WHAT YOU HAVE TO DO
Give back an exact copy of the lines below, from the first through the line with "1_X into 1_X"; please stop there.

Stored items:
(* Let $q$ and $n$ be positive integers with $q>\lceil n/2\rceil$, and let $a_1,\dots,a_n\in\mathbb{Z}_q$ be reduced residues (i.e. $\gcd(a_i,q)=1$ for all $i$). Then the number of the $2^n$ choices $(\varepsilon_1,\dots,\varepsilon_n)\in\{0,1\}^n$ for which $\sum_{i=1}^n\varepsilon_i a_i\equiv 0\pmod q$ is at most $\binom{n}{\lfloor n/2\rfloor}$. Moreover, this bound is best possible: for all such $q,n$ there exist reduced residues $a_1,\dots,a_n$ attaining it.
   Context: $\mathbb{Z}_q$ denotes the integers modulo $q$. *)

From mathcomp Require Import all_boot.
Set Implicit Arguments. Unset Strict Implicit. Unset Printing Implicit Defensive.

(* Elements of Z_q are represented by their canonical representatives in 'I_q.
   A choice (eps_1,...,eps_n) in {0,1}^n is a boolean finite function on 'I_n. *)
Definition zero_sum_count (q n : nat) (a : 'I_n -> 'I_q) : nat :=
  #|[set e : {ffun 'I_n -> bool} | (\sum_(i < n) e i * a i) %% q == 0]|.

From mathcomp Require Import all_boot all_algebra zify.
Import GRing.Theory.
Set Implicit Arguments. Unset Strict Implicit. Unset Printing Implicit Defensive.

(* A splitting argument in the style of Kleitman's proof of Littlewood-Offord.
   After the residues indexed by J have been processed, the function
   t |-> #{E \subset J | sum_(i in E) a_i = t} is written as a sum of
   indicators 1_X of sets X \subset Z_q, each carrying a height h; the
   heights are the endpoints of the walks of length #|J| from 1 that stay
   positive, and there are C(#|J|, #|J|/2) of them.  Adding a unit b turns
   1_X into 1_X + 1_(X+b); moving a point x of X with x + b outside X gives
   1_(X u {x+b}) + 1_((X - {x}) + b), with heights h + 1 and h - 1.  The sets
   keep |X| <= h, except X = Z_q, which needs h >= q and, since
   q > ceil(n/2), never returns to height 1 before the end; so at height 1
   the second set is empty and is dropped.  The zero sums are then at most
   the number of sets.  Equality holds for floor(n/2) residues 1 and the
   others -1: symmetric difference with the positions of the 1's maps the
   floor(n/2)-subsets injectively to zero-sum subsets. *)

Definition walk_step (h : nat) : seq nat :=
  h.+1 :: (if h <= 1 then [::] else [:: h.-1]).

Arguments walk_step : simpl never.

Fixpoint walk_ends (j : nat) : seq nat :=
  if j is j'.+1 then flatten (map walk_step (walk_ends j')) else [:: 1].

Lemma walk_ends_bounds j : all (fun h => 0 < h <= j.+1) (walk_ends j).
Proof.
elim: j => [|j IH] //=; apply/allP => x /flattenP [s /mapP [h hj ->]].
have /andP[h_gt0 h_le] := allP IH h hj.
rewrite /walk_step; case: ifP => h_le1; rewrite !inE; first by move/eqP ->; lia.
by case/orP => /eqP ->; lia.
Qed.

Definition nends_gt j m := count (fun h => m < h) (walk_ends j).

Lemma nends_gt_eq0 j m : j < m -> nends_gt j m = 0.
Proof.
move=> lt_jm; apply/eqP; rewrite eqn0Ngt -has_count.
by apply/hasPn => h /(allP (walk_ends_bounds j)) /andP[_ h_le] /=; rewrite -leqNgt; lia.
Qed.

Lemma nends_gtS j m : nends_gt j.+1 m = nends_gt j m.-1 + nends_gt j m.+1.
Proof.
rewrite /nends_gt /=; have := walk_ends_bounds j.
elim: (walk_ends j) => //= h s IH /andP[/andP[h_gt0 _] /IH {}IH].
rewrite count_cat {}IH /walk_step.
by case: ifP => /= h_le1; case: m => [|[|m]] /=; lia.
Qed.

Lemma nends_gt_binomial j m r (b : bool) : m + r.*2 + b = j -> nends_gt j m = 'C(j, r).
Proof.
elim: j m r b => [|j IH] m r b e.
  by have [-> ->] : m = 0 /\ r = 0 by lia.
rewrite nends_gtS; case: m e => [|m] e /=; last first.
  case: r e => [|r] e; first by rewrite (IH m 0 b) ?nends_gt_eq0 ?bin0 //; lia.
  by rewrite (IH m r.+1 b) ?(IH m.+2 r b) ?binS //; lia.
case: b e => e.
  case: r e => [|r] e; first by have -> : j = 0 by lia.
  by rewrite (IH 0 r.+1 false) ?(IH 1 r true) ?binS //; lia.
case: r e => [|r] e; first lia.
rewrite (IH 0 r true) ?(IH 1 r false) ?binS //; try lia.
have -> : r.+1 = j - r by lia.
by rewrite bin_sub //; lia.
Qed.

Lemma size_walk_ends n : size (walk_ends n) = 'C(n, n./2).
Proof.
rewrite -(nends_gt_binomial (m := 0) (b := odd n)); last first.
  by rewrite add0n addnC odd_double_half.
rewrite /nends_gt -[LHS]count_predT; apply: eq_in_count => h hn.
by have /andP[] := allP (walk_ends_bounds n) h hn.
Qed.

Lemma Zp_unitE p (x : 'I_p.+2) : (x \is a GRing.unit) = coprime x p.+2.
Proof. by have := @unitZpE p.+2 x isT; rewrite natr_Zp coprime_sym. Qed.

Section Translates.
Variables (p : nat) (b : 'I_p.+2).
Local Open Scope ring_scope.

Definition translate (X : {set 'I_p.+2}) := [set x + b | x in X].

Lemma in_translate X t : (t \in translate X) = (t - b \in X).
Proof.
apply/imsetP/idP => [[x xX ->]|tX]; first by rewrite addrK.
by exists (t - b); rewrite ?subrK.
Qed.

Lemma card_translate X : #|translate X| = #|X|.
Proof. exact/card_imset/addIr. Qed.

Hypothesis b_unit : b \is a GRing.unit.

Lemma translate_closed_setT X :
  X != set0 -> (forall x, x \in X -> x + b \in X) -> X = setT.
Proof.
move=> /set0Pn[y yX] X_closed; apply/setP=> z; rewrite inE.
have -> : z = y + b *+ val ((z - y) / b).
  by rewrite -mulr_natl natr_Zp mulrVK // addrC subrK.
elim: (val _) => [|m IH]; first by rewrite mulr0n addr0.
by rewrite mulrS addrCA addrC X_closed.
Qed.

(* [Y] is [x + b |: X] and [Z] is [translate (X :\ x)] for some [x \in X]
   with [x + b \notin X]; if there is no such [x], [X] is empty or full. *)
Lemma split_translate (X : {set 'I_p.+2}) : exists Y Z : {set 'I_p.+2},
  [/\ forall t, ((t \in Y) + (t \in Z) = (t \in X) + (t \in translate X))%N,
      (#|Y| <= #|X|.+1)%N
    & (#|Z| <= #|X|.-1)%N \/ X = setT].
Proof.
have [x /andP[xX xbX]|X_closed] := pickP [pred x in X | x + b \notin X].
  exists (x + b |: X), (translate (X :\ x)); split.
  - move=> t; rewrite !in_translate !inE.
    case: (eqVneq t (x + b)) => [->|t_neq]; first by rewrite addrK eqxx xX (negbTE xbX).
    by rewrite (_ : t - b == x = false) //; apply: contraNF t_neq => /eqP <-; rewrite subrK.
  - by rewrite cardsU1; case: (_ \notin _).
  - by left; rewrite card_translate (cardsD1 x X) xX.
exists X, (translate X); split=> //; rewrite card_translate.
have [->|X_neq0] := eqVneq X set0; first by left; rewrite cards0.
right; apply: translate_closed_setT X_neq0 _ => x xX.
by move: (X_closed x); rewrite /= xX /= => /negbFE.
Qed.

End Translates.

Section SubsetSums.
Variables (p n : nat) (a : 'I_n -> 'I_p.+2).
Local Open Scope ring_scope.

Definition subsets_with_sum (J : {set 'I_n}) (t : 'I_p.+2) : {set {set 'I_n}} :=
  [set E : {set 'I_n} | (E \subset J) && (\sum_(i in E) a i == t)].

Lemma card_subsets_with_sum0 t : #|subsets_with_sum set0 t| = (t == 0).
Proof.
have -> : subsets_with_sum set0 t = [set E | (E == set0) && (t == 0)].
  by apply/setP=> E; rewrite !inE subset0; case: eqP => // ->; rewrite big_set0 eq_sym.
case: (t == 0) => /=; last by apply: eq_card0 => E; rewrite !inE andbF.
by rewrite -(cards1 (set0 : {set 'I_n})); apply: eq_card => E; rewrite !inE andbT.
Qed.

Lemma subsets_with_sumU1 (J : {set 'I_n}) k t : k \notin J ->
  subsets_with_sum (k |: J) t =
  subsets_with_sum J t :|: [set k |: E | E in subsets_with_sum J (t - a k)].
Proof.
move=> kNJ; apply/setP=> E; rewrite !inE; apply/idP/orP.
- case/andP=> EkJ /eqP <-; have [kE|kNE] := boolP (k \in E).
    right; apply/imsetP; exists (E :\ k); last by rewrite setD1K.
    rewrite inE (big_setD1 k kE) addrC addKr eqxx andbT.
    by rewrite -(setU1K kNJ) setSD.
  left; rewrite eqxx andbT; apply/subsetP=> i iE.
  by move/subsetP/(_ i iE): EkJ; rewrite !inE => /predU1P[ik|//]; rewrite -ik iE in kNE.
- case=> [/andP[EJ ->]|/imsetP[F]]; first by rewrite (subset_trans EJ) ?subsetUr.
  rewrite inE => /andP[FJ /eqP sumF] ->.
  have kNF : k \notin F by apply: contra kNJ; apply: (subsetP FJ).
  by rewrite setUS // (big_setU1 _ kNF) /= sumF addrC subrK eqxx.
Qed.

Lemma card_subsets_with_sumU1 (J : {set 'I_n}) k t : k \notin J ->
  #|subsets_with_sum (k |: J) t| =
  (#|subsets_with_sum J t| + #|subsets_with_sum J (t - a k)%R|)%N.
Proof.
move=> kNJ; have kNS E : E \in subsets_with_sum J (t - a k) -> k \notin E.
  by rewrite inE => /andP[/subsetP EJ _]; apply: contra kNJ => /EJ.
rewrite subsets_with_sumU1 // cardsU card_in_imset; last first.
  by move=> E F /kNS kNE /kNS kNF /= EF; rewrite -(setU1K kNE) EF setU1K.
rewrite (_ : _ :&: _ = set0) ?cards0 ?subn0 //; apply/setP=> E; rewrite !inE.
apply/andP=> -[/andP[/subsetP EJ _] /imsetP[F _ EkF]].
by move: kNJ; rewrite EJ // EkF setU11.
Qed.

Lemma zero_sum_count_subsets : zero_sum_count a = #|subsets_with_sum setT 0|.
Proof.
have set_of_ffun_bij : bijective (fun e : {ffun 'I_n -> bool} => [set i | e i]).
  exists (fun E : {set 'I_n} => [ffun i => i \in E]) => [e|E].
    by apply/ffunP=> i; rewrite ffunE inE.
  by apply/setP=> i; rewrite inE ffunE.
rewrite /zero_sum_count -(on_card_preimset (onW_bij _ set_of_ffun_bij)).
apply: eq_card => e; rewrite !inE subsetT /= -val_Zp_nat // -val_eqE /= natr_sum.
congr (nat_of_ord _ == _); rewrite [RHS]big_mkcond; apply: eq_bigr => i _.
by rewrite inE; case: (e i); rewrite ?mul1n ?natr_Zp.
Qed.

End SubsetSums.

Section Decomposition.
Variables (p n : nat).
Hypothesis n_small : uphalf n < p.+2.

(* At stage [j], a set of height [h] has at most [h] elements, or [h] exceeds
   the number [n - j] of remaining steps, so it is never split at height 1. *)
Definition admissible (j h : nat) (X : {set 'I_p.+2}) : bool :=
  (#|X| <= h) || (n - j < h).

Lemma admissible_split j b h X : b \is a GRing.unit -> j < n -> 0 < h <= j.+1 ->
  admissible j h X -> exists L : seq (nat * {set 'I_p.+2}),
  [/\ map fst L = walk_step h, all (fun c => admissible j.+1 c.1 c.2) L
    & forall t, \sum_(c <- L) (t \in c.2) = (t \in X) + ((t - b)%R \in X)].
Proof.
move=> b_unit lt_jn /andP[h_gt0 h_le] /orP X_adm.
have [Y [Z [YZ_sum le_Y le_Z]]] := split_translate b_unit X.
have cardT : #|[set: 'I_p.+2]| = p.+2 by rewrite cardsT card_ord.
have := n_small; rewrite ltn_uphalf_double => lt_n_2q.
rewrite /walk_step; case: ifP => h_le1.
  have Z0 : Z = set0.
    apply/eqP; rewrite -cards_eq0 -leqn0.
    by case: le_Z => [le_Z|X_full]; [|rewrite X_full cardT in X_adm]; lia.
  exists [:: (h.+1, Y)]; split=> //=; last first.
    by move=> t; rewrite big_seq1 -in_translate -YZ_sum Z0 inE addn0.
  by rewrite andbT; apply/orP; lia.
exists [:: (h.+1, Y); (h.-1, Z)]; split=> //=; last first.
  by move=> t; rewrite big_cons big_seq1 -in_translate -YZ_sum.
rewrite andbT; apply/andP; split; apply/orP; first lia.
by case: le_Z => [le_Z|X_full]; [|rewrite X_full cardT in X_adm]; lia.
Qed.

Lemma admissible_split_seq j b (L : seq (nat * {set 'I_p.+2})) :
  b \is a GRing.unit -> j < n -> all (fun c => 0 < c.1 <= j.+1) L ->
  all (fun c => admissible j c.1 c.2) L -> exists L' : seq (nat * {set 'I_p.+2}),
  [/\ map fst L' = flatten (map walk_step (map fst L)),
       all (fun c => admissible j.+1 c.1 c.2) L'
     & forall t, \sum_(c <- L') (t \in c.2) =
                 \sum_(c <- L) ((t \in c.2) + ((t - b)%R \in c.2))].
Proof.
move=> b_unit lt_jn; elim: L => [|[h X] L IH] /=.
  by move=> _ _; exists [::]; split=> // t; rewrite !big_nil.
move=> /andP[h_bd /IH{}IH] /andP[X_adm /IH[L' [fst_L' adm_L' sum_L']]].
have [L1 [fst_L1 adm_L1 sum_L1]] := admissible_split b_unit lt_jn h_bd X_adm.
exists (L1 ++ L'); split; first by rewrite map_cat fst_L1 fst_L'.
  by rewrite all_cat adm_L1.
by move=> t; rewrite big_cat big_cons /= sum_L1 sum_L'.
Qed.

Variable a : 'I_n -> 'I_p.+2.
Hypothesis a_unit : forall i, a i \is a GRing.unit.

Lemma subsets_with_sum_decomposition (J : {set 'I_n}) :
  exists L : seq (nat * {set 'I_p.+2}),
  [/\ map fst L = walk_ends #|J|, all (fun c => admissible #|J| c.1 c.2) L
     & forall t, #|subsets_with_sum a J t| = \sum_(c <- L) (t \in c.2)].
Proof.
move: {2}#|J| (erefl #|J|) => j; elim: j J => [|j IH] J card_J.
  exists [:: (1, [set 0%R])]; rewrite card_J; split=> //=.
    by rewrite /admissible cards1.
  move: card_J => /eqP; rewrite cards_eq0 => /eqP -> t.
  by rewrite big_seq1 card_subsets_with_sum0 inE.
have [k kJ] : exists k, k \in J by apply/set0Pn; rewrite -cards_eq0 card_J.
have card_Jk : #|J :\ k| = j by move: (cardsD1 k J); rewrite kJ card_J => -[].
have lt_jn : j < n by rewrite -card_J; apply: leq_trans (max_card _) _; rewrite card_ord.
have [L [fst_L adm_L sum_L]] := IH _ card_Jk; rewrite card_Jk in fst_L adm_L.
have L_bd : all (fun c => 0 < c.1 <= j.+1) L.
  by move: (walk_ends_bounds j); rewrite -fst_L all_map.
have [L' [fst_L' adm_L' sum_L']] := admissible_split_seq (a_unit k) lt_jn L_bd adm_L.
exists L'; rewrite card_J; split=> //; first by rewrite fst_L' fst_L.
move=> t; rewrite -(setD1K kJ) card_subsets_with_sumU1 ?setD11 //.
by rewrite !sum_L sum_L' big_split.
Qed.

Lemma zero_sum_count_le : zero_sum_count a <= 'C(n, n./2).
Proof.
have [L [fst_L _ sum_L]] := subsets_with_sum_decomposition setT.
rewrite cardsT card_ord in fst_L.
rewrite zero_sum_count_subsets sum_L -size_walk_ends -fst_L size_map -sum1_size.
by apply: leq_sum => c _; apply: leq_b1.
Qed.

End Decomposition.

Lemma card_ord_lt m n : m <= n -> #|[set i : 'I_n | i < m]| = m.
Proof.
move=> le_mn; rewrite -sum1_card (eq_bigl (fun i : 'I_n => i < m)) => [|i].
  by rewrite (big_ord_narrow le_mn) sum1_card card_ord.
by rewrite inE.
Qed.

Section Balanced.
Variables p n : nat.
Local Open Scope ring_scope.

Definition balanced_residues : 'I_n -> 'I_p.+2 := fun i => if (i < n./2)%N then 1 else -1.

Lemma balanced_residues_unit i : balanced_residues i \is a GRing.unit.
Proof. by rewrite /balanced_residues; case: ifP => _; rewrite ?unitr1 ?unitrN1. Qed.

Lemma zero_sum_count_balanced : ('C(n, n./2) <= zero_sum_count balanced_residues)%N.
Proof.
pose L := [set i : 'I_n | (i < n./2)%N].
have card_L : #|L| = n./2 by rewrite card_ord_lt // leq_half_double -addnn; lia.
pose symL T := (T :\: L) :|: (L :\: T).
have symL_L T : symL T :&: L = L :\: T.
  by apply/setP=> i; rewrite !inE; case: (i \in T); case: (i < n./2)%N.
have symL_NL T : symL T :\: L = T :\: L.
  by apply/setP=> i; rewrite !inE; case: (i \in T); case: (i < n./2)%N.
have symLK : involutive symL.
  by move=> T; apply/setP=> i; rewrite !inE; case: (i \in T); case: (i < n./2)%N.
rewrite zero_sum_count_subsets -card_L -[n in 'C(n, _)]card_ord -card_draws.
rewrite -(card_imset _ (inv_inj symLK)); apply/subset_leq_card/subsetP => E /imsetP[T].
rewrite inE => /eqP card_T ->{E}; rewrite inE subsetT (big_setID L) /= symL_L symL_NL.
rewrite (eq_bigr (fun=> 1)) => [|i]; last by rewrite !inE /balanced_residues => /andP[_ ->].
rewrite [X in _ + X](eq_bigr (fun=> -1)) => [|i]; last first.
  by rewrite !inE /balanced_residues => /andP[/negbTE ->].
by rewrite !sumr_const !cardsD card_T setIC mulNrn addrN.
Qed.

End Balanced.

Theorem corollary1 (q n : nat) (hq : 0 < q) (hn : 0 < n) (hqn : uphalf n < q) :
  (forall a : 'I_n -> 'I_q, (forall i, coprime (a i) q) ->
     zero_sum_count a <= 'C(n, n./2))
  /\ (exists a : 'I_n -> 'I_q, (forall i, coprime (a i) q) /\
        zero_sum_count a = 'C(n, n./2)).
Proof.
case: q hq hqn => [|[|p]] // _ hqn; first by case: n hn hqn.
have upper (a : 'I_n -> 'I_p.+2) : (forall i, coprime (a i) p.+2) ->
    zero_sum_count a <= 'C(n, n./2).
  by move=> a_coprime; apply: zero_sum_count_le => // i; rewrite Zp_unitE.
have balanced_coprime i : coprime (@balanced_residues p n i) p.+2.
  by rewrite -Zp_unitE balanced_residues_unit.
split=> //; exists (@balanced_residues p n); split=> //.
by apply/eqP; rewrite eqn_leq upper ?zero_sum_count_balanced.
Qed.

EXERCISE RESPONSE
(* Let $q$ and $n$ be positive integers with $q>\lceil n/2\rceil$, and let $a_1,\dots,a_n\in\mathbb{Z}_q$ be reduced residues (i.e. $\gcd(a_i,q)=1$ for all $i$). Then the number of the $2^n$ choices $(\varepsilon_1,\dots,\varepsilon_n)\in\{0,1\}^n$ for which $\sum_{i=1}^n\varepsilon_i a_i\equiv 0\pmod q$ is at most $\binom{n}{\lfloor n/2\rfloor}$. Moreover, this bound is best possible: for all such $q,n$ there exist reduced residues $a_1,\dots,a_n$ attaining it.
   Context: $\mathbb{Z}_q$ denotes the integers modulo $q$. *)

From mathcomp Require Import all_boot.
Set Implicit Arguments. Unset Strict Implicit. Unset Printing Implicit Defensive.

(* Elements of Z_q are represented by their canonical representatives in 'I_q.
   A choice (eps_1,...,eps_n) in {0,1}^n is a boolean finite function on 'I_n. *)
Definition zero_sum_count (q n : nat) (a : 'I_n -> 'I_q) : nat :=
  #|[set e : {ffun 'I_n -> bool} | (\sum_(i < n) e i * a i) %% q == 0]|.

From mathcomp Require Import all_boot all_algebra zify.
Import GRing.Theory.
Set Implicit Arguments. Unset Strict Implicit. Unset Printing Implicit Defensive.

(* A splitting argument in the style of Kleitman's proof of Littlewood-Offord.
   After the residues indexed by J have been processed, the function
   t |-> #{E \subset J | sum_(i in E) a_i = t} is written as a sum of
   indicators 1_X of sets X \subset Z_q, each carrying a height h; the
   heights are the endpoints of the walks of length #|J| from 1 that stay
   positive, and there are C(#|J|, #|J|/2) of them.  Adding a unit b turns
   1_X into 1_X + 1_(X+b); moving a point x of X with x + b outside X gives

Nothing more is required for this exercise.